Start of Data under study

(* For every $e\ge1$, the subgroup $\hat G^{(e)}\subseteq\mathrm{Aut}(X_{PGL_2(F)})$ is weakly two-transitive: for any vertices $x_1,x_2,y_1,y_2$ with $d(x_1,x_2)=d(y_1,y_2)$ there exists $g\in \hat G^{(e)}$ with $g(x_1)=y_1$ and $g(x_2)=y_2$.
   Context: Let $F$ be a non-archimedean local field with ring of integers $\mathfrak{o}$, uniformizer $\varpi$, and finite residue field of cardinality $q$. $X=X_{PGL_2(F)}$ is the Bruhat–Tits tree of $PGL_2(F)$: its vertices are homothety classes $[L]$ (under $F^\times$) of $\mathfrak{o}$-lattices $L\subset F^2$, and $[L],[L']$ are joined by an edge iff there are representatives with $\varpi L\subsetneq L'\subsetneq L$; it is a $(q+1)$-regular tree. $d$ is the path-length distance on vertices; $\mathrm{Aut}(X)$ is the group of distance-preserving bijections of the vertex set, with the topology of pointwise convergence. $GL_2(F)$ acts on lattices through its linear action on $F^2$, the centre acts trivially, and this gives an embedding $PGL_2(F)\hookrightarrow\mathrm{Aut}(X)$. For an edge $\eta=\{x_1,x_2\}$ and $e\ge1$, $B(\eta,e)=\{y: \min(d(y,x_1),d(y,x_2))\le e\}$. Define $\hat G^{(e)}=\{g\in\mathrm{Aut}(X):\ \text{for every edge }\eta\ \text{there is } g'\in PGL_2(F)\text{ with } g|_{B(\eta,e)}=g'|_{B(\eta,e)}\}$. *)

From HB Require Import structures.
From mathcomp Require Import all_boot all_order all_algebra.
Set Implicit Arguments. Unset Strict Implicit. Unset Printing Implicit Defensive.
Import Order.TTheory GRing.Theory Num.Theory.
Local Open Scope ring_scope.

Section BT.
Variable F : fieldType.
(* a normalized discrete valuation; its value at 0 is irrelevant (0 is treated as +oo) *)
Variable v : F -> int.

Definition vge (x : F) (k : int) : Prop := x = 0 \/ k <= v x.

Definition is_discrete_valuation : Prop :=
  [/\ (forall x y, x != 0 -> y != 0 -> v (x * y) = v x + v y),
      (forall x y, x != 0 -> y != 0 -> x + y != 0 -> Num.min (v x) (v y) <= v (x + y)) &
      (forall k : int, exists x, x != 0 /\ v x = k)].

Definition inO (x : F) : Prop := vge x 0.

(* the residue field o / m is finite *)
Definition finite_residue_field : Prop :=
  exists s : seq F, (forall r, r \in s -> inO r) /\
    forall a, inO a -> exists2 r, r \in s & vge (a - r) 1.

Definition complete_valuation : Prop :=
  forall u : nat -> F,
    (forall k : int, exists N, forall m n, (N <= m)%N -> (N <= n)%N -> vge (u m - u n) k) ->
    exists l, forall k : int, exists N, forall n, (N <= n)%N -> vge (u n - l) k.

Definition nonarch_local_field : Prop :=
  [/\ is_discrete_valuation, finite_residue_field & complete_valuation].

(* o-lattices in F^2 (row vectors): L = o e1 + o e2 for a basis (e1,e2) = rows of g *)
Definition lattice (L : 'rV[F]_2 -> Prop) : Prop :=
  exists2 g : 'M[F]_2, g \in unitmx &
    forall w, L w <-> exists a : 'rV[F]_2, (forall i, inO (a 0 i)) /\ w = a *m g.

Definition lsubset (L L' : 'rV[F]_2 -> Prop) : Prop := forall w, L w -> L' w.

Definition hclass (L : 'rV[F]_2 -> Prop) : ('rV[F]_2 -> Prop) -> Prop :=
  fun L' => exists c : F, c != 0 /\ forall w, L' w <-> L (c *: w).

Definition is_vertex (C : ('rV[F]_2 -> Prop) -> Prop) : Prop :=
  exists L, lattice L /\ C = hclass L.

Definition vertex := {C : ('rV[F]_2 -> Prop) -> Prop | is_vertex C}.

Variable pi : F.

Definition scaleL (c : F) (L : 'rV[F]_2 -> Prop) : 'rV[F]_2 -> Prop :=
  fun w => L (c^-1 *: w).

Definition adj (x y : vertex) : Prop :=
  exists L L', sval x L /\ sval y L' /\
    lsubset (scaleL pi L) L' /\ ~ lsubset L' (scaleL pi L) /\
    lsubset L' L /\ ~ lsubset L L'.

Inductive walk : vertex -> vertex -> nat -> Prop :=
| walk0 x : walk x x 0
| walkS x y z n : adj x y -> walk y z n -> walk x z n.+1.

Definition dist (x y : vertex) (n : nat) : Prop :=
  walk x y n /\ forall m, walk x y m -> (n <= m)%N.

Definition is_aut (g : vertex -> vertex) : Prop :=
  bijective g /\ forall x y n, dist x y n <-> dist (g x) (g y) n.

(* action of A in GL_2(F) on homothety classes: [L] |-> [L A] *)
Definition actC (A : 'M[F]_2) (C : ('rV[F]_2 -> Prop) -> Prop) :
  ('rV[F]_2 -> Prop) -> Prop := fun L' => C (fun w => L' (w *m A)).

Definition in_ball (x1 x2 : vertex) (e : nat) (y : vertex) : Prop :=
  exists n, (n <= e)%N /\ (dist y x1 n \/ dist y x2 n).

Definition in_Ghat (e : nat) (g : vertex -> vertex) : Prop :=
  is_aut g /\
  forall x1 x2, adj x1 x2 ->
    exists2 A : 'M[F]_2, A \in unitmx &
      forall y, in_ball x1 x2 e y -> sval (g y) = actC A (sval y).

End BT.

(* The image of PGL_2(F) in Aut(X) is contained in \hat G^{(e)} (an element of
   PGL_2(F) agrees with itself on every ball), so it suffices to show that GL_2(F)
   acts transitively on pairs of vertices at a given distance n.  Writing vertices as
   classes [Lat h] of row lattices of invertible matrices h, we prove the normal form
   of geodesics: whenever d(x, z) = n there is g in GL_2(F) with x = [o^2 g] and
   z = [(o + pi^n o) g], i.e. every geodesic is a translate of a segment of the
   standard apartment.  The proof is by induction on n; the inductive step rests on
   the classification of the neighbours K of the standard vertex (pi K < o^2 < K):
   K is spanned by e1 and pi^-1 (c, 1) with c in o, or K = pi^-1 o + o.  The first
   kind extends the geodesic in normal form after a shear in GL_2(o); the second
   kind either does so after the swap of coordinates (n = 0) or would give a shorter
   walk (n > 0).  Two geodesics in normal form, given by g and h, are then
   exchanged by the matrix g^-1 h.

   Only the multiplicativity and ultrametric inequality of the valuation and the
   uniformizer are used; finiteness of the residue field and completeness are not. *)

From HB Require Import structures.
From mathcomp Require Import all_boot all_order all_algebra.
From mathcomp Require Import ring zify.
From Stdlib Require Import ProofIrrelevance FunctionalExtensionality PropExtensionality Classical.
Import Order.TTheory GRing.Theory Num.Theory.
Local Open Scope ring_scope.
Set Implicit Arguments. Unset Strict Implicit. Unset Printing Implicit Defensive.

End of Data under study

Copy each entry above exactly, character for character.

## Task answer
(* For every $e\ge1$, the subgroup $\hat G^{(e)}\subseteq\mathrm{Aut}(X_{PGL_2(F)})$ is weakly two-transitive: for any vertices $x_1,x_2,y_1,y_2$ with $d(x_1,x_2)=d(y_1,y_2)$ there exists $g\in \hat G^{(e)}$ with $g(x_1)=y_1$ and $g(x_2)=y_2$.
   Context: Let $F$ be a non-archimedean local field with ring of integers $\mathfrak{o}$, uniformizer $\varpi$, and finite residue field of cardinality $q$. $X=X_{PGL_2(F)}$ is the Bruhat–Tits tree of $PGL_2(F)$: its vertices are homothety classes $[L]$ (under $F^\times$) of $\mathfrak{o}$-lattices $L\subset F^2$, and $[L],[L']$ are joined by an edge iff there are representatives with $\varpi L\subsetneq L'\subsetneq L$; it is a $(q+1)$-regular tree. $d$ is the path-length distance on vertices; $\mathrm{Aut}(X)$ is the group of distance-preserving bijections of the vertex set, with the topology of pointwise convergence. $GL_2(F)$ acts on lattices through its linear action on $F^2$, the centre acts trivially, and this gives an embedding $PGL_2(F)\hookrightarrow\mathrm{Aut}(X)$. For an edge $\eta=\{x_1,x_2\}$ and $e\ge1$, $B(\eta,e)=\{y: \min(d(y,x_1),d(y,x_2))\le e\}$. Define $\hat G^{(e)}=\{g\in\mathrm{Aut}(X):\ \text{for every edge }\eta\ \text{there is } g'\in PGL_2(F)\text{ with } g|_{B(\eta,e)}=g'|_{B(\eta,e)}\}$. *)

From HB Require Import structures.
From mathcomp Require Import all_boot all_order all_algebra.
Set Implicit Arguments. Unset Strict Implicit. Unset Printing Implicit Defensive.
Import Order.TTheory GRing.Theory Num.Theory.
Local Open Scope ring_scope.

Section BT.
Variable F : fieldType.
(* a normalized discrete valuation; its value at 0 is irrelevant (0 is treated as +oo) *)
Variable v : F -> int.

Definition vge (x : F) (k : int) : Prop := x = 0 \/ k <= v x.

Definition is_discrete_valuation : Prop :=
  [/\ (forall x y, x != 0 -> y != 0 -> v (x * y) = v x + v y),
      (forall x y, x != 0 -> y != 0 -> x + y != 0 -> Num.min (v x) (v y) <= v (x + y)) &
      (forall k : int, exists x, x != 0 /\ v x = k)].

Definition inO (x : F) : Prop := vge x 0.

(* the residue field o / m is finite *)
Definition finite_residue_field : Prop :=
  exists s : seq F, (forall r, r \in s -> inO r) /\
    forall a, inO a -> exists2 r, r \in s & vge (a - r) 1.

Definition complete_valuation : Prop :=
  forall u : nat -> F,
    (forall k : int, exists N, forall m n, (N <= m)%N -> (N <= n)%N -> vge (u m - u n) k) ->
    exists l, forall k : int, exists N, forall n, (N <= n)%N -> vge (u n - l) k.

Definition nonarch_local_field : Prop :=
  [/\ is_discrete_valuation, finite_residue_field & complete_valuation].

(* o-lattices in F^2 (row vectors): L = o e1 + o e2 for a basis (e1,e2) = rows of g *)
Definition lattice (L : 'rV[F]_2 -> Prop) : Prop :=
  exists2 g : 'M[F]_2, g \in unitmx &
    forall w, L w <-> exists a : 'rV[F]_2, (forall i, inO (a 0 i)) /\ w = a *m g.

Definition lsubset (L L' : 'rV[F]_2 -> Prop) : Prop := forall w, L w -> L' w.

Definition hclass (L : 'rV[F]_2 -> Prop) : ('rV[F]_2 -> Prop) -> Prop :=
  fun L' => exists c : F, c != 0 /\ forall w, L' w <-> L (c *: w).

Definition is_vertex (C : ('rV[F]_2 -> Prop) -> Prop) : Prop :=
  exists L, lattice L /\ C = hclass L.

Definition vertex := {C : ('rV[F]_2 -> Prop) -> Prop | is_vertex C}.

Variable pi : F.

Definition scaleL (c : F) (L : 'rV[F]_2 -> Prop) : 'rV[F]_2 -> Prop :=
  fun w => L (c^-1 *: w).

Definition adj (x y : vertex) : Prop :=
  exists L L', sval x L /\ sval y L' /\
    lsubset (scaleL pi L) L' /\ ~ lsubset L' (scaleL pi L) /\
    lsubset L' L /\ ~ lsubset L L'.

Inductive walk : vertex -> vertex -> nat -> Prop :=
| walk0 x : walk x x 0
| walkS x y z n : adj x y -> walk y z n -> walk x z n.+1.

Definition dist (x y : vertex) (n : nat) : Prop :=
  walk x y n /\ forall m, walk x y m -> (n <= m)%N.

Definition is_aut (g : vertex -> vertex) : Prop :=
  bijective g /\ forall x y n, dist x y n <-> dist (g x) (g y) n.

(* action of A in GL_2(F) on homothety classes: [L] |-> [L A] *)
Definition actC (A : 'M[F]_2) (C : ('rV[F]_2 -> Prop) -> Prop) :
  ('rV[F]_2 -> Prop) -> Prop := fun L' => C (fun w => L' (w *m A)).

Definition in_ball (x1 x2 : vertex) (e : nat) (y : vertex) : Prop :=
  exists n, (n <= e)%N /\ (dist y x1 n \/ dist y x2 n).

Definition in_Ghat (e : nat) (g : vertex -> vertex) : Prop :=
  is_aut g /\
  forall x1 x2, adj x1 x2 ->
    exists2 A : 'M[F]_2, A \in unitmx &
      forall y, in_ball x1 x2 e y -> sval (g y) = actC A (sval y).

End BT.

(* The image of PGL_2(F) in Aut(X) is contained in \hat G^{(e)} (an element of
   PGL_2(F) agrees with itself on every ball), so it suffices to show that GL_2(F)
   acts transitively on pairs of vertices at a given distance n.  Writing vertices as
   classes [Lat h] of row lattices of invertible matrices h, we prove the normal form
   of geodesics: whenever d(x, z) = n there is g in GL_2(F) with x = [o^2 g] and
   z = [(o + pi^n o) g], i.e. every geodesic is a translate of a segment of the
   standard apartment.  The proof is by induction on n; the inductive step rests on
   the classification of the neighbours K of the standard vertex (pi K < o^2 < K):
   K is spanned by e1 and pi^-1 (c, 1) with c in o, or K = pi^-1 o + o.  The first
   kind extends the geodesic in normal form after a shear in GL_2(o); the second
   kind either does so after the swap of coordinates (n = 0) or would give a shorter
   walk (n > 0).  Two geodesics in normal form, given by g and h, are then
   exchanged by the matrix g^-1 h.

   Only the multiplicativity and ultrametric inequality of the valuation and the
   uniformizer are used; finiteness of the residue field and completeness are not. *)

From HB Require Import structures.
From mathcomp Require Import all_boot all_order all_algebra.
From mathcomp Require Import ring zify.
From Stdlib Require Import ProofIrrelevance FunctionalExtensionality PropExtensionality Classical.
Import Order.TTheory GRing.Theory Num.Theory.
Local Open Scope ring_scope.
Set Implicit Arguments. Unset Strict Implicit. Unset Printing Implicit Defensive.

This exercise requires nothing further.